- _DIRECTIONS_: The records appear below. Set down exactly each line from the one that contains "exists (p \o g) => x1 x2 fx12 /=." through the last, both included.

- _Saved entries_:

Lemma dbf_le (F : finFieldType) (Y : eqType) k b (f : 'rV[F]_k -> Y) x1 x2 :
  dbf b f (f x1) (f x2) <= db b x1 x2.
Proof.
rewrite /dbf -minEnat.
apply: leq_trans (bigmin_le_cond (T := nat) _ _ (eqxx (f x1))) _.
exact: (bigmin_le_cond (T := nat) _ _ (eqxx (f x2))).
Qed.

Lemma rb_feasible_of_Nb_feasible (F : finFieldType) (Y : eqType) (k b t E r : nat)
    (f : 'rV[F]_k -> Y) (fs : 'I_E -> Y) :
  0 < b -> (forall x, exists i, fs i = f x) ->
  Nb_feasible F b (Bf2 b t f fs) r -> rb_feasible b t f r.
Proof.
move=> b_gt0 fs_onto [p p_dist].
have [g gK] := fin_all_exists fs_onto.
exists (p \o g) => x1 x2 fx12 /=.
have g12 : g x1 != g x2 by apply: contra fx12 => /eqP g12; rewrite -!gK g12.
have := p_dist (g x1) (g x2); rewrite /Bf2 mxE (negbTE g12) !gK.
by have := dbf_le b f x1 x2; have := db_row_mx b x1 x2 (p (g x1)) (p (g x2)); lia.
Qed.

Lemma is_least_exists (P : nat -> Prop) n : P n -> exists m, is_least P m /\ m <= n.
Proof.
elim/ltn_ind: n => n IH Pn.
have [[m [mn Pm]] | no_smaller] := classic (exists m, m < n /\ P m).
  by have [l [l_least lm]] := IH m mn Pm; exists l; split; last exact: leq_trans lm (ltnW mn).
exists n; split => //; split => // m Pm; rewrite leqNgt; apply/negP => mn.
by apply: no_smaller; exists m.
Qed.

Theorem mainTheorem3 (F : finFieldType) (Y : eqType) (k b t E : nat)
  (hk : (0 < k)%N) (hb : (0 < b)%N) (ht : (0 < t)%N)
  (f : 'rV[F]_k -> Y) (fs : 'I_E -> Y)
  (fs_inj : injective fs)
  (fs_im : forall y : Y, (exists x : 'rV[F]_k, f x = y) <-> (exists i : 'I_E, fs i = y))
  (N : nat) (hN : is_least (Nb_feasible F b (Bf2 b t f fs)) N) :
  exists R : nat, is_least (rb_feasible b t f) R /\ (R <= N)%N.
Proof.
have [feasible_N _] := hN.
have fs_onto x : exists i, fs i = f x by apply/fs_im; exists x.
exact: is_least_exists (rb_feasible_of_Nb_feasible hb fs_onto feasible_N).
Qed.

- _SOLUTION TO THIS EXERCISE_:
exists (p \o g) => x1 x2 fx12 /=.
have g12 : g x1 != g x2 by apply: contra fx12 => /eqP g12; rewrite -!gK g12.
have := p_dist (g x1) (g x2); rewrite /Bf2 mxE (negbTE g12) !gK.
by have := dbf_le b f x1 x2; have := db_row_mx b x1 x2 (p (g x1)) (p (g x2)); lia.
Qed.

Lemma is_least_exists (P : nat -> Prop) n : P n -> exists m, is_least P m /\ m <= n.
Proof.
elim/ltn_ind: n => n IH Pn.
have [[m [mn Pm]] | no_smaller] := classic (exists m, m < n /\ P m).
  by have [l [l_least lm]] := IH m mn Pm; exists l; split; last exact: leq_trans lm (ltnW mn).
exists n; split => //; split => // m Pm; rewrite leqNgt; apply/negP => mn.
by apply: no_smaller; exists m.
Qed.

Theorem mainTheorem3 (F : finFieldType) (Y : eqType) (k b t E : nat)
  (hk : (0 < k)%N) (hb : (0 < b)%N) (ht : (0 < t)%N)
  (f : 'rV[F]_k -> Y) (fs : 'I_E -> Y)
  (fs_inj : injective fs)
  (fs_im : forall y : Y, (exists x : 'rV[F]_k, f x = y) <-> (exists i : 'I_E, fs i = y))
  (N : nat) (hN : is_least (Nb_feasible F b (Bf2 b t f fs)) N) :
  exists R : nat, is_least (rb_feasible b t f) R /\ (R <= N)%N.
Proof.
have [feasible_N _] := hN.
have fs_onto x : exists i, fs i = f x by apply/fs_im; exists x.
exact: is_least_exists (rb_feasible_of_Nb_feasible hb fs_onto feasible_N).
Qed.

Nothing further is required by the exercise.